▶ _Exercise_
Copy the records below exactly. Include all of them.

Supplied material section start

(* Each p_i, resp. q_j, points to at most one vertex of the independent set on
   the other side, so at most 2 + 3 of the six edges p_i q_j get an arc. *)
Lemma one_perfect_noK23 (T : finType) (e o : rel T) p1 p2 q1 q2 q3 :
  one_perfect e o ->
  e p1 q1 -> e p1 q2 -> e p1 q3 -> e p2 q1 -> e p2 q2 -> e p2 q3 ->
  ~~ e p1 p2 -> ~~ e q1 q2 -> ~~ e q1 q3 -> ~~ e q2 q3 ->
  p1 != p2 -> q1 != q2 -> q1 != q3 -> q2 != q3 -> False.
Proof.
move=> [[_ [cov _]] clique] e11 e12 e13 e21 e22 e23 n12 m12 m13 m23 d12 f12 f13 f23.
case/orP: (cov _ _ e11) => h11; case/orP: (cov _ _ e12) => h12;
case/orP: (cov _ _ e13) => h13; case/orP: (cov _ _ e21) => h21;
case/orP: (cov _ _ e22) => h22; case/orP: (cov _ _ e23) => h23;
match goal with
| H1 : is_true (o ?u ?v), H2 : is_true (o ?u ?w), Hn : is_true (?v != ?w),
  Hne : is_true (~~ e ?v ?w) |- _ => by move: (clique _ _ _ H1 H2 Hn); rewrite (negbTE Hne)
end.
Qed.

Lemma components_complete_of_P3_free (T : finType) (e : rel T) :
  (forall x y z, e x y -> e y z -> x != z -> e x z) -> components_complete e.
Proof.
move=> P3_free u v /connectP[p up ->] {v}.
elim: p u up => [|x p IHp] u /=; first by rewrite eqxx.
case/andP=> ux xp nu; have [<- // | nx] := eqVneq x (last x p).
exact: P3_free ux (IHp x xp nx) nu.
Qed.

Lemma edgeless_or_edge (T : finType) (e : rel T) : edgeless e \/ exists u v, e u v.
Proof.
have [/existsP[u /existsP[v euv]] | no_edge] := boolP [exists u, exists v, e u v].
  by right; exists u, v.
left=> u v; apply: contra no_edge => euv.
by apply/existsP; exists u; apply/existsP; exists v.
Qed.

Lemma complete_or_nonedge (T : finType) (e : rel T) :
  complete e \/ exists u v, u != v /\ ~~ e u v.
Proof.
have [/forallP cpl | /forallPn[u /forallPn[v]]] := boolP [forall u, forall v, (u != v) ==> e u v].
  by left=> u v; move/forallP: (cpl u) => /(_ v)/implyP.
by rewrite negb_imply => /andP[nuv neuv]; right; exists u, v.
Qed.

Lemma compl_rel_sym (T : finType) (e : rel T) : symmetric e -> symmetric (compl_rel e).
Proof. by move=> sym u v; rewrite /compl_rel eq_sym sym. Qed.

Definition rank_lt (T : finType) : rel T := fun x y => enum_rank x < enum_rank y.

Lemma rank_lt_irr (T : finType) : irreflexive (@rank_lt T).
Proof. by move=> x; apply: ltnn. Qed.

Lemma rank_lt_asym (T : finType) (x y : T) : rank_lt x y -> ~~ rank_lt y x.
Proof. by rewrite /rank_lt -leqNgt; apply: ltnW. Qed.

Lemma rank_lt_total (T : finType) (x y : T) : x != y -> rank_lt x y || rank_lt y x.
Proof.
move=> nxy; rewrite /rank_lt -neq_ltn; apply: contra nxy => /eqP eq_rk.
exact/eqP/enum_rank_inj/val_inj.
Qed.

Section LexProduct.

Supplied material section end

▶ _Answer space_
(* Each p_i, resp. q_j, points to at most one vertex of the independent set on
   the other side, so at most 2 + 3 of the six edges p_i q_j get an arc. *)
Lemma one_perfect_noK23 (T : finType) (e o : rel T) p1 p2 q1 q2 q3 :
  one_perfect e o ->
  e p1 q1 -> e p1 q2 -> e p1 q3 -> e p2 q1 -> e p2 q2 -> e p2 q3 ->
  ~~ e p1 p2 -> ~~ e q1 q2 -> ~~ e q1 q3 -> ~~ e q2 q3 ->
  p1 != p2 -> q1 != q2 -> q1 != q3 -> q2 != q3 -> False.
Proof.
move=> [[_ [cov _]] clique] e11 e12 e13 e21 e22 e23 n12 m12 m13 m23 d12 f12 f13 f23.
case/orP: (cov _ _ e11) => h11; case/orP: (cov _ _ e12) => h12;
case/orP: (cov _ _ e13) => h13; case/orP: (cov _ _ e21) => h21;
case/orP: (cov _ _ e22) => h22; case/orP: (cov _ _ e23) => h23;
match goal with
| H1 : is_true (o ?u ?v), H2 : is_true (o ?u ?w), Hn : is_true (?v != ?w),
  Hne : is_true (~~ e ?v ?w) |- _ => by move: (clique _ _ _ H1 H2 Hn); rewrite (negbTE Hne)
end.
Qed.

Lemma components_complete_of_P3_free (T : finType) (e : rel T) :
  (forall x y z, e x y -> e y z -> x != z -> e x z) -> components_complete e.
Proof.
move=> P3_free u v /connectP[p up ->] {v}.
elim: p u up => [|x p IHp] u /=; first by rewrite eqxx.
case/andP=> ux xp nu; have [<- // | nx] := eqVneq x (last x p).
exact: P3_free ux (IHp x xp nx) nu.
Qed.

Lemma edgeless_or_edge (T : finType) (e : rel T) : edgeless e \/ exists u v, e u v.
Proof.
have [/existsP[u /existsP[v euv]] | no_edge] := boolP [exists u, exists v, e u v].
  by right; exists u, v.
left=> u v; apply: contra no_edge => euv.
by apply/existsP; exists u; apply/existsP; exists v.
Qed.

Lemma complete_or_nonedge (T : finType) (e : rel T) :
  complete e \/ exists u v, u != v /\ ~~ e u v.
Proof.
have [/forallP cpl | /forallPn[u /forallPn[v]]] := boolP [forall u, forall v, (u != v) ==> e u v].
  by left=> u v; move/forallP: (cpl u) => /(_ v)/implyP.
by rewrite negb_imply => /andP[nuv neuv]; right; exists u, v.
Qed.

Lemma compl_rel_sym (T : finType) (e : rel T) : symmetric e -> symmetric (compl_rel e).
Proof. by move=> sym u v; rewrite /compl_rel eq_sym sym. Qed.

Definition rank_lt (T : finType) : rel T := fun x y => enum_rank x < enum_rank y.

Lemma rank_lt_irr (T : finType) : irreflexive (@rank_lt T).
Proof. by move=> x; apply: ltnn. Qed.

Lemma rank_lt_asym (T : finType) (x y : T) : rank_lt x y -> ~~ rank_lt y x.
Proof. by rewrite /rank_lt -leqNgt; apply: ltnW. Qed.

Lemma rank_lt_total (T : finType) (x y : T) : x != y -> rank_lt x y || rank_lt y x.
Proof.
move=> nxy; rewrite /rank_lt -neq_ltn; apply: contra nxy => /eqP eq_rk.
exact/eqP/enum_rank_inj/val_inj.
Qed.

Section LexProduct.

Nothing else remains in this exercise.